Stored data entries:
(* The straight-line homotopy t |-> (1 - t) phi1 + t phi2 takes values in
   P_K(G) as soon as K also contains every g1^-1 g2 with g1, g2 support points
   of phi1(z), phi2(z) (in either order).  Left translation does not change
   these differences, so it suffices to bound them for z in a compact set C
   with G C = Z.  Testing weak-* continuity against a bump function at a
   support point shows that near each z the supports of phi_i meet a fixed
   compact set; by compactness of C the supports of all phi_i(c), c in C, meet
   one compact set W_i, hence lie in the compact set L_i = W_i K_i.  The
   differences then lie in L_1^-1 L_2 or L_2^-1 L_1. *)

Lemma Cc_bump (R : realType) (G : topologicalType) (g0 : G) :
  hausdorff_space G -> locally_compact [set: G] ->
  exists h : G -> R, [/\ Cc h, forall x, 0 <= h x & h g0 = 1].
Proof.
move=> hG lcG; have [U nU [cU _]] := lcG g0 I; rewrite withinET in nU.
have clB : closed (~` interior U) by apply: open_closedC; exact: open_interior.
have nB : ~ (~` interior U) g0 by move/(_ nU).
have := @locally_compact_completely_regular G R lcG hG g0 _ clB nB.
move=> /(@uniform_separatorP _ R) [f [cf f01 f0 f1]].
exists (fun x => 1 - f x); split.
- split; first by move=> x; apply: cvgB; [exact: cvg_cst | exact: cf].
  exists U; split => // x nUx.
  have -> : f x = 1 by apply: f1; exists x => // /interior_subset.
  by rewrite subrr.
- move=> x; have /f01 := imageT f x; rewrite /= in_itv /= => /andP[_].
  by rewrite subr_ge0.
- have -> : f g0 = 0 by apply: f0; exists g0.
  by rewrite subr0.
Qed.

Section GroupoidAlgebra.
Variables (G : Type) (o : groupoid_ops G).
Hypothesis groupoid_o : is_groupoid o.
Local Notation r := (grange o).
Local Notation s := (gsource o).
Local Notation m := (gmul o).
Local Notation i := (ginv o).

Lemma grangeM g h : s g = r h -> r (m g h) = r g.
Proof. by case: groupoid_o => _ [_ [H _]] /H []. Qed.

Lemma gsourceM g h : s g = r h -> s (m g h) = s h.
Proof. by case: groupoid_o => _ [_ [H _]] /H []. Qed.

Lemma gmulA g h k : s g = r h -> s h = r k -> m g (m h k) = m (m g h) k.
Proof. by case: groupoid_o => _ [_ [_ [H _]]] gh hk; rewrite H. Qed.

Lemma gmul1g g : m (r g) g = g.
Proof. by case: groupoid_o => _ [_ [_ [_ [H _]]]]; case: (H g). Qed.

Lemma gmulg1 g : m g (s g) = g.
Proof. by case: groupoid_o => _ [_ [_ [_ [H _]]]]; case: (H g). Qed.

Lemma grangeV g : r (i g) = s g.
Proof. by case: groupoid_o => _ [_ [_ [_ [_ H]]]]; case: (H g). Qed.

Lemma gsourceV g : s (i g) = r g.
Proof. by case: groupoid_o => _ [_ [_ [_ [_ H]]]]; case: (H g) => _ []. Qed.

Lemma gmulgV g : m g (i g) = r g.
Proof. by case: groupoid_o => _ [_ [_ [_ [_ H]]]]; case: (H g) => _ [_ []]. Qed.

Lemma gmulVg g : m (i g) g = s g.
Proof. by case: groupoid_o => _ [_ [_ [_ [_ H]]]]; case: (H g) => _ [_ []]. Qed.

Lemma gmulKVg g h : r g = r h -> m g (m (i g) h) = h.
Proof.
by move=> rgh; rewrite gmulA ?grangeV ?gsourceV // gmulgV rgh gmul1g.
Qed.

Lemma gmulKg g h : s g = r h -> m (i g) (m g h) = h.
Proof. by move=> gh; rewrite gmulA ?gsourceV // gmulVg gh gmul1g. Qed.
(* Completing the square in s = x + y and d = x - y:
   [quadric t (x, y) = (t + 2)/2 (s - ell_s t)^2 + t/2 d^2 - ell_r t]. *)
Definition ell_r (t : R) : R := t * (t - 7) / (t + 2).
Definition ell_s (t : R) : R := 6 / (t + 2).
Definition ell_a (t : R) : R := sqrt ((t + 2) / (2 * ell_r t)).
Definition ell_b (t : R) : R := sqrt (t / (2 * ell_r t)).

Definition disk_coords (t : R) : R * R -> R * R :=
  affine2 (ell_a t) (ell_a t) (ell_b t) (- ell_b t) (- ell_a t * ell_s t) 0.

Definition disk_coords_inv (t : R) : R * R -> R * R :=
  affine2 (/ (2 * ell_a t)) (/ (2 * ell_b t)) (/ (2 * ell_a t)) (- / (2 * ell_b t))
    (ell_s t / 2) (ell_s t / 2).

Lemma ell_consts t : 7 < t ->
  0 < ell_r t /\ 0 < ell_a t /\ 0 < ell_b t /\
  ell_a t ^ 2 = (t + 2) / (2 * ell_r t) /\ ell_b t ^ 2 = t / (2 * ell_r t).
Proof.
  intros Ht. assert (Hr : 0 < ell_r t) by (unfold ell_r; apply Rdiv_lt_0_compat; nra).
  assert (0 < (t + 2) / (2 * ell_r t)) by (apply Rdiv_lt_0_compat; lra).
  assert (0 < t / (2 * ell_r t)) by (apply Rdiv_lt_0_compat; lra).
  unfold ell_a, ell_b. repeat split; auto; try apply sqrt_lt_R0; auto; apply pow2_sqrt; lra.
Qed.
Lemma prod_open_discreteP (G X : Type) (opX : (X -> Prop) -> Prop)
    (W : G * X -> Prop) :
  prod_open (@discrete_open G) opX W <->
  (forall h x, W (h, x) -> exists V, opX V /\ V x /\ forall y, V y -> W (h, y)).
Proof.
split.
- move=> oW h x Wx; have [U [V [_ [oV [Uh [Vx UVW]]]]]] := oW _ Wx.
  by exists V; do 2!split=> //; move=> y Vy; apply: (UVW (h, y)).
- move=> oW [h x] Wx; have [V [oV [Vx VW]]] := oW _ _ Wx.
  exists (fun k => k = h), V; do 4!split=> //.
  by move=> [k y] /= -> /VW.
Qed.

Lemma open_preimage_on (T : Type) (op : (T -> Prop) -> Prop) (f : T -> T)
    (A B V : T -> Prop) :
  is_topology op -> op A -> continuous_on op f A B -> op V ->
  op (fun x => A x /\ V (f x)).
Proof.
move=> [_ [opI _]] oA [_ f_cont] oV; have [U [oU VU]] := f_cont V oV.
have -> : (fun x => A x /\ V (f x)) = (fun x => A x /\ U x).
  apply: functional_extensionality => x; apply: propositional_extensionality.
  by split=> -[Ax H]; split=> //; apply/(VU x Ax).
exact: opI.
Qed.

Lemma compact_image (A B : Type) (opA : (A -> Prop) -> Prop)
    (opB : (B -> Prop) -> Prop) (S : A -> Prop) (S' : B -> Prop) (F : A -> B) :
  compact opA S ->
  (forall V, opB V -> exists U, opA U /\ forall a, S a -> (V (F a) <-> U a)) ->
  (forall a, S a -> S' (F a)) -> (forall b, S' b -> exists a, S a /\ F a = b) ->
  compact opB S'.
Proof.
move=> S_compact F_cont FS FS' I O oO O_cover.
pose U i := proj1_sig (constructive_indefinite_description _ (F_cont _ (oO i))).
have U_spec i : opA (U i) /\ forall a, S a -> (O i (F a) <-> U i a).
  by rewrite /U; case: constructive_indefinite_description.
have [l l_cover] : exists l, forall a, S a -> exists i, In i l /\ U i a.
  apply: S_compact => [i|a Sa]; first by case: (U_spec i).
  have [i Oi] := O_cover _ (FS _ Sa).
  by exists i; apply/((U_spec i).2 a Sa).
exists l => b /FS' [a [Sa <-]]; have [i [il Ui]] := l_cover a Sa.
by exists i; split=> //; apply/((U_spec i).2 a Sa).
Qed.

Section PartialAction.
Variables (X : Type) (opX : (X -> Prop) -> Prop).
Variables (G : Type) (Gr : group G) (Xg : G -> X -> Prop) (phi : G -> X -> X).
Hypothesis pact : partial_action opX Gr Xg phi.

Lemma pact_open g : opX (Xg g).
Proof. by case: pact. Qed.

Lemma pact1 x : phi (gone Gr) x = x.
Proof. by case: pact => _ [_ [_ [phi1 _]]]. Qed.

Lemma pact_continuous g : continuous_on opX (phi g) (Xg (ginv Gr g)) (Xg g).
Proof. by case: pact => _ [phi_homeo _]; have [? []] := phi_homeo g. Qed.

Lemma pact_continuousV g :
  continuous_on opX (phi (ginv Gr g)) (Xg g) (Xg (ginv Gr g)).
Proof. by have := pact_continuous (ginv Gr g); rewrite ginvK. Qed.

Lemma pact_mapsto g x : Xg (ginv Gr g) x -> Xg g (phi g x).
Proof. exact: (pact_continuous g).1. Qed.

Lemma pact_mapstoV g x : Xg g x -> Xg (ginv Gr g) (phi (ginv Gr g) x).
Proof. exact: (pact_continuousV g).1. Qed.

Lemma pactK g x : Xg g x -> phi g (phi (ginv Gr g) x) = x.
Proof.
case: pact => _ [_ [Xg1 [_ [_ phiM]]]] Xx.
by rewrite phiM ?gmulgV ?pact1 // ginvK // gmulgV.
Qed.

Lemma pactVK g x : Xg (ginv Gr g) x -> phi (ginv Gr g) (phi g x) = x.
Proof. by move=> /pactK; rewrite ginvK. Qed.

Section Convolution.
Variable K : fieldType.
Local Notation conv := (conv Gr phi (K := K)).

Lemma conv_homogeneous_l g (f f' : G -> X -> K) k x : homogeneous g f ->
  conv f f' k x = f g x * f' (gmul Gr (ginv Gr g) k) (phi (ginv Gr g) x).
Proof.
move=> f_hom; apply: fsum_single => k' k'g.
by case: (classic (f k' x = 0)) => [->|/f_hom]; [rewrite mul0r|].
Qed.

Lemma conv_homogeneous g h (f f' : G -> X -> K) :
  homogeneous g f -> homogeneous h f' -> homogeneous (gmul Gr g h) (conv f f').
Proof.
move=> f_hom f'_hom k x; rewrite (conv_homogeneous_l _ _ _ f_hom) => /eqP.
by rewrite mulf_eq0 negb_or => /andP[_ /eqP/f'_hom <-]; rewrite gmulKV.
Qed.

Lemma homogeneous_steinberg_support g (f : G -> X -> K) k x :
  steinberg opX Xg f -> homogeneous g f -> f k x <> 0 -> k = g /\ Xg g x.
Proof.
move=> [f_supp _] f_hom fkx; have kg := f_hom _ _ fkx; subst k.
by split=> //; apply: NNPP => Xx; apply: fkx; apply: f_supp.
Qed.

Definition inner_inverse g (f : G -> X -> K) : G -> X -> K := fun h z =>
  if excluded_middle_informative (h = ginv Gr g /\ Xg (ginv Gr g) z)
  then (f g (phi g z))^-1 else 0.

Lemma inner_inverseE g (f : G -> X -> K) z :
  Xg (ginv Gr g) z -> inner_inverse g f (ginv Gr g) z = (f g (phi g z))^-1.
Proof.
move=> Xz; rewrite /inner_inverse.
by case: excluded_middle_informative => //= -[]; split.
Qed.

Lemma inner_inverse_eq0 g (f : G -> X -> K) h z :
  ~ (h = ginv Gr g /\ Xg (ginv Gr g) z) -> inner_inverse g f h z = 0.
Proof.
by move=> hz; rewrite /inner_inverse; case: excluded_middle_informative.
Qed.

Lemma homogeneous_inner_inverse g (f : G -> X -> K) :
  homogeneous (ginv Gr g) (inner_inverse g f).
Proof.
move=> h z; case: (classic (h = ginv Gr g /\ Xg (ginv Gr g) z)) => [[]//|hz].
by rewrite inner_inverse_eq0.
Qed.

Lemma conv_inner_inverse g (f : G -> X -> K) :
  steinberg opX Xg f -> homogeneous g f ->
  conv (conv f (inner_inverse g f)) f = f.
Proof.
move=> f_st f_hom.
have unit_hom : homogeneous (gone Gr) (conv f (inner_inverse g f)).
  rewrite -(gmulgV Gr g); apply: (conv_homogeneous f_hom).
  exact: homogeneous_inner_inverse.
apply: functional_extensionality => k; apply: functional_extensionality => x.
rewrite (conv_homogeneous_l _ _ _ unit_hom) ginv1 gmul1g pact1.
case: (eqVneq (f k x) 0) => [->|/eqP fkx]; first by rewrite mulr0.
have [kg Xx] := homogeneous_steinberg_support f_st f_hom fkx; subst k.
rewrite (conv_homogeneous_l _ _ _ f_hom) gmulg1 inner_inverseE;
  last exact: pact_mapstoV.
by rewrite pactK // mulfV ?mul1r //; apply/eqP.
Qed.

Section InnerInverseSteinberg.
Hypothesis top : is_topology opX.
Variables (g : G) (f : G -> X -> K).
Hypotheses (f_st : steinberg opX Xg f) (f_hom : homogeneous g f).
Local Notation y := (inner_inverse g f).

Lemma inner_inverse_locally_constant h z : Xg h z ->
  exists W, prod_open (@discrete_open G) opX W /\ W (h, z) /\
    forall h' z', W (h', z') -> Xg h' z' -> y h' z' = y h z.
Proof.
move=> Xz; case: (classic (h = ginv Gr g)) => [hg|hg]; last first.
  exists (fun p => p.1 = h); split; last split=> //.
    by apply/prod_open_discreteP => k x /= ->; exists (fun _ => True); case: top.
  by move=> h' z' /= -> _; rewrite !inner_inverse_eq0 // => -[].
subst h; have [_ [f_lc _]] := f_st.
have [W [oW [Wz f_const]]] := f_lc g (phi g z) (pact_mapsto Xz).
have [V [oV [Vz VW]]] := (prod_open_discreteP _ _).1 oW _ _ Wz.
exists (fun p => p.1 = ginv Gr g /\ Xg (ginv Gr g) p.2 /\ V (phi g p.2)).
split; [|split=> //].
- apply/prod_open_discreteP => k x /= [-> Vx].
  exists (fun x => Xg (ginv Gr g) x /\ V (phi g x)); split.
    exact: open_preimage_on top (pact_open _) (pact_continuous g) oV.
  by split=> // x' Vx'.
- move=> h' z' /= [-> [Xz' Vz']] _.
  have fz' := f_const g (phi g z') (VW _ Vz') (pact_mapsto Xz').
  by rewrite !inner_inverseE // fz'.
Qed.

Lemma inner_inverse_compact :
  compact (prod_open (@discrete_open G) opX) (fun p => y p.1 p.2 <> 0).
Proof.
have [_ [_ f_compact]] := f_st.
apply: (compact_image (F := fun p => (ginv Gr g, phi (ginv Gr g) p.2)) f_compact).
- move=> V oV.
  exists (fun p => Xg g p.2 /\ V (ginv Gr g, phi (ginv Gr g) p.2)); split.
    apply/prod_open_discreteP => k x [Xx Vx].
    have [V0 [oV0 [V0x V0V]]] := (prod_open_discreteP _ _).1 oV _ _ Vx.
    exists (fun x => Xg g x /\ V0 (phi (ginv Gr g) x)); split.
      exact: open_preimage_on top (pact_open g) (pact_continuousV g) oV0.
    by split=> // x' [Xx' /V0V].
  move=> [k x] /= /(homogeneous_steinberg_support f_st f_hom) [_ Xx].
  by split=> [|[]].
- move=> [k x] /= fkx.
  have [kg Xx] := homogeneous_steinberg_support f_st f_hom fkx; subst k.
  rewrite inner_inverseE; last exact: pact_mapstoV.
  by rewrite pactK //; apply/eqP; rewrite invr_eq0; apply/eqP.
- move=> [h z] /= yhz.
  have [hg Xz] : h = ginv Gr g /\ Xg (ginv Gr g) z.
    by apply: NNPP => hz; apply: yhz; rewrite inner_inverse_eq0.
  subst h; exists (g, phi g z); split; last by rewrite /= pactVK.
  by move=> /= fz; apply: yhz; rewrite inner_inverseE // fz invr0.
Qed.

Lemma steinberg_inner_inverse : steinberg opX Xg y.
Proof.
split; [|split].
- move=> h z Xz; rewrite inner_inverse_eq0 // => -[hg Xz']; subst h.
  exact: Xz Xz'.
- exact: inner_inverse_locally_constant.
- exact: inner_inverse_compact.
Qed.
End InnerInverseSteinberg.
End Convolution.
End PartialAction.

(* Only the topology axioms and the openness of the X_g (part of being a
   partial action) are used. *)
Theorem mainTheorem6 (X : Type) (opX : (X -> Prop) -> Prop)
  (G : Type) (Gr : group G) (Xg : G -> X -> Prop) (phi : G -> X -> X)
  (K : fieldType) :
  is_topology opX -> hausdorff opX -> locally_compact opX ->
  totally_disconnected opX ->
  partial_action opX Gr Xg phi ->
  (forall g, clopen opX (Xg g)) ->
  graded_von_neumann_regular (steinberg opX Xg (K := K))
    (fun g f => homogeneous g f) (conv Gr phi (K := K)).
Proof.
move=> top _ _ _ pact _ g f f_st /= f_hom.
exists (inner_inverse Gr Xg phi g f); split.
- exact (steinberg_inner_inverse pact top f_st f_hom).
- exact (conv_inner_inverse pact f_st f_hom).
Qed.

→ **What you have to do**
Return the span of lines in the data above that opens at the line with "op (fun x => A x /\ V (f x))." and closes at the line with "Lemma compact_image (A", exactly, ends included, nothing else.

→ **Result below**
  op (fun x => A x /\ V (f x)).
Proof.
move=> [_ [opI _]] oA [_ f_cont] oV; have [U [oU VU]] := f_cont V oV.
have -> : (fun x => A x /\ V (f x)) = (fun x => A x /\ U x).
  apply: functional_extensionality => x; apply: propositional_extensionality.
  by split=> -[Ax H]; split=> //; apply/(VU x Ax).
exact: opI.
Qed.

Lemma compact_image (A B : Type) (opA : (A -> Prop) -> Prop)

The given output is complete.